Enzymes activities for CYP17A1, 3β-HSD1 and 17β-HSD3 were determined as previously described [26]. Briefly, the reaction mixtures (total volume of 250 mL) containing 25–160 mg of protein, 0.2 mM of cofactors (NAD+ for 3β-HSD1, NADPH for CYP17A1 and 17β-HSD3) and 1000 nM of steroid substrates (radiolabeled plus cold substrates) were incubated in a shaking water bath at 34 °C for 1–2 h. The substrates were pregnenolone (for 3β-HSD1), progesterone (for CYP17A1) and androstenedione (for 17β-HSD3). Pilot assays were performed to determine the linear reaction curve using different concentrations of proteins and for different time periods. After the reactions were terminated, media were assayed for progesterone (for 3β-HSD1), androstenedione (for CYP17A1) and testosterone (for 17β-HSD3).

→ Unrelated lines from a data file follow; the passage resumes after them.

Lemma horner_shift2 (phi : {poly C}) l : (shift2 phi).[l%:P] = shiftp l phi.
Proof.
rewrite /shift2 /shiftp -[LHS]/(horner_eval l%:P _) -horner_map /=.
rewrite {2}/horner_eval hornerD hornerC hornerX -map_poly_comp.
by congr (_.[_]); apply: eq_map_poly => c /=; rewrite /horner_eval hornerC.
Qed.

End Shift.

Lemma scale_regularE (R : pzSemiRingType) (a : R) (x : R^o) : a *: x = a * x.
Proof. by []. Qed.

Lemma eq_of_subr_eq (V : zmodType) (x y u v : V) : u = v -> x - y = u - v -> x = y.
Proof. by move=> -> /eqP; rewrite subrr subr_eq0 => /eqP. Qed.

Section Transport.
Variable C : fieldType.
Implicit Types (M : Estr C) (g h : extE C -> extE C).

Lemma is_HV_module_conj M1 M2 g h :
  (forall (r : C) u w, g (r *: u + w) = r *: g u + g w) ->
  cancel h g -> cancel g h ->
  (forall u, Eder M2 u = g (Eder M1 (h u))) ->
  (forall x l u, Eact M2 x l u = g (Eact M1 x l (h u))) ->
  is_HV_module M1 -> is_HV_module M2.
Proof.
move=> g_lin hK gK der2 act2 [der_lin act_lin der_act act_act].
have gD u w : g (u + w) = g u + g w by rewrite -(scale1r u) g_lin !scale1r.
have gZ r u : g (r *: u) = r *: g u.
  by apply: (addIr (g 0)); rewrite -gD -g_lin addr0.
have gN u : g (- u) = - g u by rewrite -scaleN1r gZ scaleN1r.
have h_lin r u w : h (r *: u + w) = r *: h u + h w.
  by rewrite -{1}[u]hK -{1}[w]hK -g_lin gK.
split.
- by move=> r u w; rewrite !der2 h_lin der_lin g_lin.
- by move=> x l r u w; rewrite !act2 h_lin act_lin g_lin.
- by move=> x l u; rewrite !der2 !act2 !gK -gN -gZ -gD der_act.
- move=> x y l m u; rewrite !act2 !gK -gN -gD act_act.
  by rewrite !big_cons !big_nil !addr0 gD !gZ !act2.
Qed.

Lemma ext_equiv_mapE g :
  (forall (r : C) u w, g (r *: u + w) = r *: g u + g w) ->
  (forall p : {poly C}, g (p, 0) = (p, 0)) -> (forall u, (g u).2 = u.2) ->
  forall u, g u = (u.1 + u.2 *: (g (0, 1)).1, u.2).
Proof.
move=> g_lin g_V g_c [p z].
have -> : (p, z) = z *: (0, 1) + (p, 0) :> extE C.
  by congr (_, _); rewrite /= ?scaler0 ?add0r ?addr0 // [z *: 1]mulr1.
rewrite g_lin g_V; case E : (g (0, 1)) => [q y].
have -> : y = 1 by have := g_c (0, 1); rewrite E.
by congr (_, _); rewrite /= ?scaler0 ?add0r ?addr0 ?[z *: 1]mulr1 // addrC.
Qed.

Lemma ext_equiv_module M1 M2 : ext_equiv M1 M2 -> is_HV_module M1 -> is_HV_module M2.
Proof.
case=> g [g_lin g_der g_act g_V g_c].
have gE := ext_equiv_mapE g_lin g_V g_c; set phi := (g (0, 1)).1 in gE.
pose h (u : extE C) : extE C := (u.1 - u.2 *: phi, u.2).
have hK : cancel h g by move=> u; rewrite gE /h /= subrK; case: u.
have gK : cancel g h by move=> u; rewrite gE /h /= addrK; case: u.
apply: (is_HV_module_conj g_lin hK gK) => [u | x l u].
  by rewrite g_der hK.
by rewrite g_act hK.
Qed.

End Transport.

Section Extensions.
Variables (C : fieldType) (alpha beta gamma Delta : C).
Implicit Types (f k : {poly {poly C}}) (a phi : {poly C}).
Local Notation ext := (ext_struct alpha beta gamma Delta).

Local Ltac ext_ring :=
  rewrite /= ?hornerC ?horner0 ?scaler0 ?scale_regularE ?shiftpE -?mul_polyC
          ?oppr0 ?addr0 //; ring.

(* [f2, k2, a2] describe [ext f1 k1 a1] in the basis [v], [c - phi(d) v]. *)
Definition cohomologous_via phi f1 k1 a1 f2 k2 a2 : Prop :=
  [/\ a2 = a1 - ('X - gamma%:P) * phi,
      forall l, f2.[l%:P] = f1.[l%:P] - shiftp l phi * ('X + (alpha + Delta * l)%:P) &
      forall l, k2.[l%:P] = k1.[l%:P] - beta *: shiftp l phi].

Lemma ext_equivP f1 k1 a1 f2 k2 a2 :
  ext_equiv (ext f1 k1 a1) (ext f2 k2 a2) <->
  exists phi, cohomologous_via phi f1 k1 a1 f2 k2 a2.
Proof.
split=> [[g [g_lin g_der g_act g_V g_c]] | [phi [a_eq f_eq k_eq]]].
  have gE := ext_equiv_mapE g_lin g_V g_c; set phi := (g (0, 1)).1 in gE.
  exists phi; split=> [|l|l].
  - have := g_der (0, 1); rewrite !gE => /(congr1 fst) E.
    by apply/esym/(eq_of_subr_eq E); ext_ring.
  - have := g_act GL l (0, 1); rewrite !gE => /(congr1 fst) E.
    by apply/esym/(eq_of_subr_eq E); ext_ring.
  - have := g_act GN l (0, 1); rewrite !gE => /(congr1 fst) E.
    by apply/esym/(eq_of_subr_eq E); ext_ring.
exists (fun u => (u.1 + u.2 *: phi, u.2)); split=> /=.
- by move=> r [p z] [q y]; congr (_, _); rewrite /= scalerDr scalerDl scalerA; ext_ring.
- by move=> [p z]; congr (_, _); rewrite /= a_eq; ext_ring.
- move=> [] l [p z]; congr (_, _); rewrite /= ?scale0r ?addr0 //.
    by rewrite f_eq; ext_ring.
  by rewrite k_eq; ext_ring.
- by move=> p; rewrite scale0r addr0.
- by [].
Qed.

Lemma hv_bracketE x y z l m : (hv_bracket C x y z).[l%:P].[- (l + m)] =
  match x, y, z with
  | GL, GL, GL => l - m
  | GL, GN, GN => - m
  | GN, GL, GN => l
  | _, _, _ => 0
  end.
Proof. by case: x; case: y; case: z; rewrite /= ?horner0 // !hornerE /=; ring. Qed.

Local Ltac check_HV_module :=
  split=> [r [p z] [q y] | [] l r [p z] [q y] | [] l [p z] | [] [] l m [p z]];
  rewrite ?big_cons ?big_nil ?addr0 ?hv_bracketE; congr (_, _);
  rewrite /= ?shiftpE;
  (* the two orders of composition shift by [l + m] and by [m + l] *)
  try match goal with |- context [shiftp (?m + ?l) _] => rewrite [m + l]addrC end;
  ext_ring.

Lemma is_ext_split : is_ext alpha beta gamma Delta 0 0 0.
Proof. check_HV_module. Qed.

Lemma is_ext_const (a0 : C) : alpha + gamma = 0 -> beta = 0 -> Delta = 1 ->
  is_ext alpha beta gamma Delta a0%:P%:P 0 a0%:P.
Proof. by move=> /eqP; rewrite addr_eq0 => /eqP -> -> ->; check_HV_module. Qed.

Lemma ext_commutator_c f k a : is_ext alpha beta gamma Delta f k a -> forall l,
  ('X + (l - gamma)%:P) * f.[l%:P] = shiftp l a * ('X + (alpha + Delta * l)%:P) /\
  ('X + (l - gamma)%:P) * k.[l%:P] = beta *: shiftp l a.
Proof.
case=> _ _ der_act _ l; split.
  have := der_act GL l (0, 1) => /(congr1 fst) E.
  by apply: (eq_of_subr_eq E); ext_ring.
have := der_act GN l (0, 1) => /(congr1 fst) E.
by apply: (eq_of_subr_eq E); ext_ring.
Qed.

Lemma ext_trivialP f k a : is_ext alpha beta gamma Delta f k a ->
  ext_trivial alpha beta gamma Delta f k a <-> root a gamma.
Proof.
move=> ext; split=> [/ext_equivP [phi [-> _ _]] | /factor_theorem [psi a_eq]].
  by rewrite rootE !hornerE subrr mul0r oppr0.
apply/ext_equivP; exists (- psi); split=> [|l|l]; first by rewrite a_eq; ring.
all: have [f_rel k_rel] := ext_commutator_c ext l; rewrite a_eq !shiftpE in f_rel k_rel.
all: apply: (mulfI (monic_neq0 (monicXaddC (l - gamma)))).
  by rewrite f_rel; ext_ring.
by rewrite k_rel; ext_ring.
Qed.

Lemma ext_nontrivial_params f k a : is_ext alpha beta gamma Delta f k a ->
  ~~ root a gamma -> [/\ alpha + gamma = 0, beta = 0 & Delta = 1].
Proof.
rewrite rootE => ext a_gamma_neq0.
have at_root l :
    a.[gamma] * (gamma - l + (alpha + Delta * l)) = 0 /\ beta * a.[gamma] = 0.
  have [f_rel k_rel] := ext_commutator_c ext l.
  have := congr1 (horner^~ (gamma - l)) k_rel; have := congr1 (horner^~ (gamma - l)) f_rel.
  rewrite /= !hornerM hornerZ !(hornerD, hornerX, hornerC) horner_shiftp subrK.
  by rewrite subrKA subrr !mul0r => <- <-.
have cancel_a x : a.[gamma] * x = 0 -> x = 0.
  by move/eqP; rewrite mulf_eq0 (negbTE a_gamma_neq0) => /eqP.
have [/cancel_a E0 beta_a] := at_root 0; have [/cancel_a E1 _] := at_root 1.
move: E0 E1 beta_a; rewrite !subr0 !mulr0 !addr0 !mulr1 mulrC => E0 E1 /cancel_a beta0.
split=> //; first by rewrite addrC.
have -> : Delta = (gamma - 1 + (alpha + Delta)) - (gamma + alpha) + 1 by ring.
by rewrite E1 E0 subrr add0r.
Qed.

Lemma ext_equiv_const f k a : is_ext alpha beta gamma Delta f k a ->
  alpha + gamma = 0 -> beta = 0 -> Delta = 1 ->
  ext_equiv (ext a.[gamma]%:P%:P 0 a.[gamma]%:P) (ext f k a).
Proof.
move=> ext /eqP; rewrite addr_eq0 => /eqP alpha_eq beta0 Delta1.
have /factor_theorem [psi a_sub] : root (a - a.[gamma]%:P) gamma.
  by rewrite rootE !hornerE subrr.
have a_eq : a = a.[gamma]%:P + psi * ('X - gamma%:P) by rewrite -a_sub addrC subrK.
apply/ext_equivP; exists (- psi); split=> [|l|l]; first by rewrite {1}a_eq; ring.
all: have [f_rel k_rel] := ext_commutator_c ext l.
all: rewrite alpha_eq beta0 Delta1 in f_rel k_rel *; rewrite a_eq !shiftpE in f_rel k_rel.
all: apply: (mulfI (monic_neq0 (monicXaddC (l - gamma)))).
  by rewrite f_rel; ext_ring.
by rewrite k_rel; ext_ring.
Qed.

End Extensions.

Section CharZero.
Variable C : numFieldType.

Lemma poly_horner_eq0 (p : {poly C}) : (forall x, p.[x] = 0) -> p = 0.
Proof.
move=> p_vanish; apply/eqP/negPn/negP => p_neq0.
have roots : all (root p) (mkseq (fun i => i%:R) (size p)).
  by apply/allP => x _; apply/rootP.
have uniq_roots : uniq (mkseq (fun i => (i%:R : C)) (size p)).
  by rewrite map_inj_uniq ?iota_uniq // => i j /eqP; rewrite eqr_nat => /eqP.
by have := max_poly_roots p_neq0 roots uniq_roots; rewrite size_mkseq ltnn.
Qed.

Lemma polyXY_eq_hornerC (P Q : {poly {poly C}}) :
  (forall l : C, P.[l%:P] = Q.[l%:P]) -> P = Q.
Proof.
move=> PQ; apply/subr0_eq/eqP; rewrite -swapXY_eq0; apply/eqP/polyP => j.
rewrite coef0; apply: poly_horner_eq0 => l.
have := congr1 (fun q : {poly C} => q`_j) (horner_polyC (P - Q) l).
by rewrite coef_map /= hornerD hornerN PQ subrr coef0.
Qed.

Variables alpha beta gamma Delta : C.

Lemma ext_trivial_dataP f k a :
  (is_ext alpha beta gamma Delta f k a /\ ext_trivial alpha beta gamma Delta f k a)
  <-> exists phi : {poly C},
      [/\ f = (('X)%:P + (alpha%:P)%:P + Delta%:P *: 'X) * shift2 phi,
          k = (beta%:P)%:P * shift2 phi &
          a = ('X - gamma%:P) * phi].
Proof.
have horner_f phi l : ((('X)%:P + (alpha%:P)%:P + Delta%:P *: 'X) * shift2 phi).[l%:P]
    = shiftp l phi * ('X + (alpha + Delta * l)%:P).
  by rewrite hornerM horner_shift2 !hornerE; ring.
have horner_k phi l : ((beta%:P)%:P * shift2 phi).[l%:P] = beta *: shiftp l phi.
  by rewrite hornerM horner_shift2 hornerC mul_polyC.
split=> [[_ /ext_equivP [phi [a_eq f_eq k_eq]]] | [psi [-> -> ->]]].
  exists (- phi); split; last by rewrite a_eq; ring.
  - apply: polyXY_eq_hornerC => l.
    by rewrite f_eq horner_f horner0 shiftpN; ring.
  - apply: polyXY_eq_hornerC => l.
    by rewrite k_eq horner_k horner0 shiftpN -!mul_polyC; ring.
have trivial : ext_trivial alpha beta gamma Delta
    ((('X)%:P + (alpha%:P)%:P + Delta%:P *: 'X) * shift2 psi)
    ((beta%:P)%:P * shift2 psi) (('X - gamma%:P) * psi).
  apply/ext_equivP; exists (- psi); split=> [|l|l]; first ring.
    by rewrite horner_f horner0 shiftpN; ring.
  by rewrite horner_k horner0 shiftpN -!mul_polyC; ring.
split=> //; exact: ext_equiv_module trivial (is_ext_split _ _ _ _).
Qed.
Lemma toD1_id (u : Delta1 R) : toD1 (set_val u) = u.
Proof.
apply: val_inj; case: u => x xD1 /=.
have /andP[x0 x1] : (0 <= x <= 1) by move: xD1 => /set_mem; rewrite /D1set /= in_itv.
by rewrite /clamp01 (max_idPl x0) (min_idPl x1).
Qed.

Lemma toD1_0 : toD1 0 = d1zero R. Proof. exact: (toD1_id (d1zero R)). Qed.
Lemma toD1_1 : toD1 1 = d1one R. Proof. exact: (toD1_id (d1one R)). Qed.

End UnitIntervalRetraction.

Section PrincipalBundle.
Context {R : realType} {A : set R} {X Xh : topologicalType}.
Context { pi : Xh -> X } {T : R -> Xh -> Xh}.
Hypothesis HA : A = range (fun z : int => z%:~R) \/ A = setT.
Hypothesis Hbun : principal_bundle A pi T.

Lemma A0 : A 0.
Proof. by case: HA => ->; [exists 0%R|]. Qed.

Lemma AN r : A r -> A (- r).
Proof. by case: HA => -> //; case=> z _ <-; exists (- z)%R => //; rewrite mulrNz. Qed.

(* The section picks the point of the slice [phi = 0] of a local trivialisation. *)
Lemma local_section (x : X) : exists U : set X, [/\ open U, U x &
  exists sec : X -> Xh, (forall x', U x' -> pi (sec x') = x') /\
    (forall x', U x' -> {for x', continuous sec})].
Proof.
case: Hbun => [[_ surj] [_ [T0 [_ Tpi]]] [fib _] loc].
have [U [oU Ux [phi [phiA phiT _ phiO]]]] := loc x.
exists U; split => //.
pose S y := U (pi y) /\ phi y = 0.
have S_ex x' : U x' -> exists y, pi y = x' /\ S y.
  have [y <-] := surj x'; move=> Uy.
  have AN_phiy : A (- phi y) := AN _ (phiA y Uy).
  exists (T (- phi y) y); rewrite /S !Tpi //.
  by rewrite phiT // subrr.
have S_inj y z : S y -> S z -> pi y = pi z -> y = z.
  rewrite /S => -[Uy phiy] [_ phiz] /fib[r [Ar ez]]; subst z.
  by move: phiz; rewrite phiT // phiy add0r => ->; rewrite T0.
have [y0 _] := surj x.
pose sec x' :=
  if pselect (exists y, pi y = x' /\ S y) is left h then sval (cid h) else y0.
have secP x' : U x' -> pi (sec x') = x' /\ S (sec x').
  by move=> /S_ex ex; rewrite /sec; case: pselect => // h; case: (cid h).
exists sec; split=> [x' /secP[]//|x' Ux' V /=].
rewrite nbhsE => -[W [oW Wsec] WV].
have : nbhs x' (pi @` (W `&` S)).
  apply: open_nbhs_nbhs; split; first exact: phiO A0 _ oW.
  by exists (sec x'); case: (secP _ Ux').
apply: filterS => _ [z [Wz Sz] <-]; apply: WV.
by have [pz Sz'] := secP _ Sz.1; rewrite (S_inj _ _ Sz' Sz pz).
Qed.

Section PathInvariant.
Context {V : Type} {f : Xh -> V}.
Hypothesis f_path : forall s : Delta1 R -> Xh, continuous s ->
  f (s (d1one R)) = f (s (d1zero R)).
Hypothesis f_fibre : forall y z, pi y = pi z -> f y = f z.

(* Near [t0] the path stays in the domain of a local section, through which
   the segment from [t0] to [t] lifts to a path in [Xh]. *)
Lemma locally_constant_along_path {lift : X -> Xh} {p : R -> X} :
  (forall x, pi (lift x) = x) -> continuous p ->
  forall t0, \forall t \near t0, f (lift (p t)) = f (lift (p t0)).
Proof.
move=> liftK cp t0.
have [U [oU Up0 [sec [secK csec]]]] := local_section (p t0).
have /nbhs_ballP[e e0 ballU] : nbhs t0 (p @^-1` U).
  by apply: cp; exact: open_nbhs_nbhs.
apply/nbhs_ballP; exists e => // t t0t.
pose seg (u : Delta1 R) := t0 + set_val u * (t - t0).
have segU u : U (p (seg u)).
  apply: ballU; move: t0t; rewrite /ball /= /seg opprD addrA subrr sub0r normrN normrM.
  have /set_mem : set_val u \in @D1set R by case: u.
  rewrite /D1set /= in_itv /= => /andP[u0 u1].
  by rewrite (ger0_norm u0) distrC => /(le_lt_trans (ler_piMl _ u1)); apply.
have cseg : continuous seg.
  move=> u; apply: (@continuous_comp _ _ _ (@set_val _ (@D1set R))
    (fun r : R => t0 + r * (t - t0))); first exact: initial_continuous.
  by apply: cvgD; [exact: cvg_cst | apply: cvgMr_tmp; exact: cvg_id].
have seg0 : seg (d1zero R) = t0 by rewrite /seg /= mul0r addr0.
have seg1 : seg (d1one R) = t by rewrite /seg /= mul1r addrC subrK.
have lift_sec t' : U (p t') -> f (lift (p t')) = f (sec (p t')).
  by move=> Ut'; apply: f_fibre; rewrite liftK secK.
rewrite !lift_sec //; last exact: ballU.
have /= := f_path (sec \o p \o seg); rewrite seg0 seg1; apply=> u.
apply: continuous_comp; first exact: cseg.
by apply: continuous_comp; [exact: cp | exact: csec (segU u)].
Qed.

Lemma path_fibre_invariant_const : path_connected R X -> forall y z, f y = f z.
Proof.
move=> HX y z; have [[_ surj] _ _ _] := Hbun.
pose lift x := sval (cid (surj x)).
have liftK x : pi (lift x) = x by rewrite /lift; case: cid.
have [s [cs s0 s1]] := HX (pi y) (pi z).
have cp : continuous (s \o @toD1 R).
  by move=> t; apply: continuous_comp; [exact: continuous_toD1 | exact: cs].
have connR : connected [set: R] by apply/connected_intervalP.
have := locally_constant_connected connR (locally_constant_along_path liftK cp) 0 1.
rewrite /= toD1_0 toD1_1 s0 s1.
by rewrite (f_fibre _ _ (esym (liftK (pi y)))) (f_fibre _ _ (esym (liftK (pi z)))).
Qed.

End PathInvariant.

Section Cohomologous.
Context {alpha1 alpha2 : cochain1 R X} {theta1 theta2 : Xh -> R} {beta : X -> R}.
Hypothesis Ht1 : theta_for A pi T alpha1 theta1.
Hypothesis Ht2 : theta_for A pi T alpha2 theta2.
Hypothesis Hbeta : cochain1_eq (fun s => alpha1 s - alpha2 s) (d0 beta).
Hypothesis HX : path_connected R X.

Lemma rho_cohomologous (k : Xh -> Xh) y :
  rho theta1 k y = rho theta2 k y + (beta (pi (k y)) - beta (pi y)).
Proof.
have [[cpi _] [_ [_ [_ Tpi]]] [fib _] _] := Hbun.
pose f y := theta1 y - theta2 y - beta (pi y).
suff: f (k y) = f y by rewrite /rho /f; lra.
apply: (path_fibre_invariant_const (f := f) _ _ HX) => [s cs | y' z /fib[r [Ar ->]]].
- have cps : continuous (pi \o s).
    by move=> u; apply: continuous_comp; [exact: cs | exact: cpi].
  by move: (Ht1.1 s cs) (Ht2.1 s cs) (Hbeta _ cps); rewrite /d0 /f /=; lra.
- by rewrite /f Ht1.2 // Ht2.2 // Tpi //; lra.
Qed.

End Cohomologous.
End PrincipalBundle.

Theorem proposition2p11 (R : realType) (A : set R)
  (HA : A = range (fun z : int => z%:~R) \/ A = setT)
  (X : ptopologicalType) (Xh : topologicalType) (pi : Xh -> X) (T : R -> Xh -> Xh)
  (Hbun : principal_bundle A pi T) (HX : path_connected R X)
  (alpha1 alpha2 : cochain1 R X)
  (Hc1 : is_cocycle1 alpha1) (Hc2 : is_cocycle1 alpha2)
  (theta1 theta2 : Xh -> R)
  (Ht1 : theta_for A pi T alpha1 theta1) (Ht2 : theta_for A pi T alpha2 theta2)
  (beta : X -> R)
  (Hbeta : cochain1_eq (fun s => alpha1 s - alpha2 s) (d0 beta))
  (g : X -> X) (Hg : homeomorphism g)
  (Hga : exists c : X -> R,
     cochain1_eq (fun s => alpha1 (g \o s) - alpha1 s) (d0 c))
  (gh : Xh -> Xh) (Hgh : homeomorphism gh)
  (Hcov : forall y, pi (gh y) = g (pi y)) :
  (forall (x : X) (xh : Xh), pi xh = x ->
     cvg ((fun n : nat => rho theta1 (iter n gh) xh / n%:R) @ \oo) ->
     cvg ((fun n : nat => rho theta2 (iter n gh) xh / n%:R) @ \oo) ->
     (exists M : R, forall i : nat, `|beta (iter i g x)| <= M) ->
     lim ((fun n : nat => rho theta1 (iter n gh) xh / n%:R) @ \oo) =
     lim ((fun n : nat => rho theta2 (iter n gh) xh / n%:R) @ \oo)) /\
  (forall (mu : probability (borel X) R) (s : X -> Xh),
     (forall x, pi (s x) = x) ->
     (forall B : set (borel X), measurable B -> mu (g @^-1` B) = mu B) ->
     mu.-integrable setT (fun x => (rho theta1 gh (s x))%:E) ->
     mu.-integrable setT (fun x => (rho theta2 gh (s x))%:E) ->
     (\int[mu]_x ((beta (g x) - beta x)%:E) = 0)%E ->
     (\int[mu]_x ((rho theta1 gh (s x))%:E) =
      \int[mu]_x ((rho theta2 gh (s x))%:E))%E).
Proof.
have rho_sub := rho_cohomologous HA Hbun Ht1 Ht2 Hbeta HX.
have iter_pi n y : pi (iter n gh y) = iter n g (pi y).
  by elim: n => //= n IHn; rewrite Hcov IHn.
split=> [x xh <- _ cvg2 [M beta_bd] | mu s s_sec _ int1 int2 int0].
- have beta_orbit0 :
      (fun n => (beta (iter n g (pi xh)) - beta (pi xh)) / n%:R) @ \oo --> 0.
    apply: bounded_divn_cvg0; exists (M + M) => n.
    by apply: le_trans (ler_normB _ _) _; exact: lerD (beta_bd n) (beta_bd 0%N).
  under eq_fun do rewrite rho_sub iter_pi mulrDl.
  by rewrite limD // ?(cvg_lim _ beta_orbit0) ?addr0 //; exact: cvgP beta_orbit0.
- have rho_sum x : ((rho theta1 gh (s x))%:E =
      (rho theta2 gh (s x))%:E + (beta (g x) - beta x)%:E)%E.
    by rewrite rho_sub Hcov s_sec EFinD.
  have int_beta : mu.-integrable setT (fun x => (beta (g x) - beta x)%:E).
    apply: eq_integrable (integrableB _ int1 int2) => // x _ /=.
    by rewrite rho_sub Hcov s_sec -EFinB addrAC subrr add0r.
  by under eq_integral do rewrite rho_sum; rewrite integralD // int0 adde0.
Qed.
Lemma inhom_norm_le : (Hsw <= (2 `^ (sigma / 2) * (2 + U))%:E * (Hs + L2))%E.
Proof.
rewrite L2_normE.
apply: (radial_norm_le_scaleD _ _
  (m := fun r => (1 + r ^+ 2) `^ (sigma / 2) * omega r)
  (m1 := fun r => r `^ sigma * omega r)) => //.
  by rewrite mulr_ge0 ?powR_ge0 ?addr_ge0.
move=> r r_ge0; have w_ge0 := ltW (omega_gt0 r_ge0).
have Pw_ge0 : 0 <= r `^ sigma * omega r by rewrite mulr_ge0 ?powR_ge0.
have Qw_ge0 : 0 <= (1 + r ^+ 2) `^ (sigma / 2) * omega r by rewrite mulr_ge0 ?powR_ge0.
have Q_le := powR_1Dsqr_le r_ge0 (ltW sigma_gt0).
rewrite normr1 (ger0_norm Qw_ge0) (ger0_norm Pw_ge0).
rewrite (le_trans (ler_wpM2r w_ge0 Q_le)) // -!mulrA ler_wpM2l ?powR_ge0 //.
have := omega_le_hom r_ge0; have := U_ge0; nra.
Qed.

Lemma hom_norm_le_inhom : (Hs <= Hsw)%E.
Proof.
rewrite -[leRHS]mul1e.
apply: (radial_norm_le_scale _ _ (m := fun r => r `^ sigma * omega r)
  (m1 := fun r => (1 + r ^+ 2) `^ (sigma / 2) * omega r)) => //.
move=> r r_ge0; have w_ge0 := ltW (omega_gt0 r_ge0).
rewrite mul1r !ger0_norm ?mulr_ge0 ?powR_ge0 // ler_wpM2r //.
exact: powR_le_powR_1Dsqr r_ge0 (ltW sigma_gt0).
Qed.

Lemma L2_norm_le_inhom : (L2 <= (2 * M)%:E * Hsw)%E.
Proof.
rewrite L2_normE.
apply: (radial_norm_le_scale _ _
  (m1 := fun r => (1 + r ^+ 2) `^ (sigma / 2) * omega r)) => //.
  by rewrite mulr_ge0.
move=> r r_ge0; have w_ge0 := ltW (omega_gt0 r_ge0).
have P_le := powR_le_powR_1Dsqr r_ge0 (ltW sigma_gt0).
have Q_ge1 := powR_1Dsqr_ge1 r (ltW sigma_gt0).
rewrite normr1 ger0_norm ?mulr_ge0 ?powR_ge0 // (le_trans (omega_ge r_ge0)) //.
rewrite -mulrA [2 * M]mulrC -mulrA ler_wpM2l // mulrA ler_wpM2r //.
by rewrite mulr_natl mulr2n lerD.
Qed.

Lemma weighted_norm_equivalences :
  [/\ (cap_norm Hs L2w <= (2 + U)%:E * (Hs + L2))%E,
      (Hs + L2 <= (2 * (1 + M))%:E * cap_norm Hs L2w)%E,
      (Hsw <= (2 `^ (sigma / 2) * (2 + U))%:E * (Hs + L2))%E &
      (Hs + L2 <= (1 + 2 * M)%:E * Hsw)%E].
Proof.
have [Hs_ge0 Hsw_ge0 L2w_ge0 L2_ge0] :
    [/\ (0 <= Hs)%E, (0 <= Hsw)%E, (0 <= L2w)%E & (0 <= L2)%E].
  by split; exact: Lnorm_ge0.
split; last 2 first.
- exact: inhom_norm_le.
- apply: leeD_scale; rewrite ?mulr_ge0 //.
    exact: hom_norm_le_inhom.
  exact: L2_norm_le_inhom.
- apply: (le_trans (cap_norm_le_add Hs_ge0 L2w_ge0)).
  have -> : 2 + U = 1 + (1 + U) by rewrite addrA.
  apply: leeD_scale; rewrite ?addr_ge0 ?adde_ge0 ?leeDl //; exact: L2w_norm_le.
have HsL2w_le := add_le_cap_norm Hs_ge0 L2w_ge0.
rewrite EFinM (muleC 2%:E) -muleA.
apply: (le_trans _ (lee_wpmul2l _ HsL2w_le)); last by rewrite lee_fin addr_ge0.
apply: leeD_scale; rewrite ?adde_ge0 ?leeDl //; exact: L2_norm_le_hom_L2w.
Qed.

Because testosterone is the major androgen produced by adult rat Leydig cells and DIOL is the major androgen produced by immature Leydig cells [10,27], serum testosterone and DIOL concentrations were measured with a tritium-based radioimmunoassay, as described [28]. Inter-assay and intra-assay variations of the testosterone and DIOL were between 7% and 8%.

The assay of progesterone, androstenedione and testosterone by RIA was performed as described previously [27,28]. Inter-assay and intra-assay variations of progesterone, androstenedione and testosterone were within 15%. The progesterone, androstenedione and testosterone levels were measured for the calculation of the activities of 3β-HSD1, CYP17A1 and 17β-HSD3, respectively.

4.7. Statistical Analysis

Values are expressed as the mean ± SEM, and data were analyzed using one-way ANOVA with multiple comparisons to the control group at each time point post-EDS. For this purpose, GraphPad Prism (version 6, GraphPad Software Inc., San Diego, CA, USA) was used. Significant differences were regarded at p < 0.05, 0.01 or 0.001.

5. Conclusions

In summary, the present study demonstrates that MXC exposure during a specific window during development impaired Leydig cell differentiation and resulted in the delayed maturation of Leydig cell. The mechanisms of MXC disrupt Leydig cell development.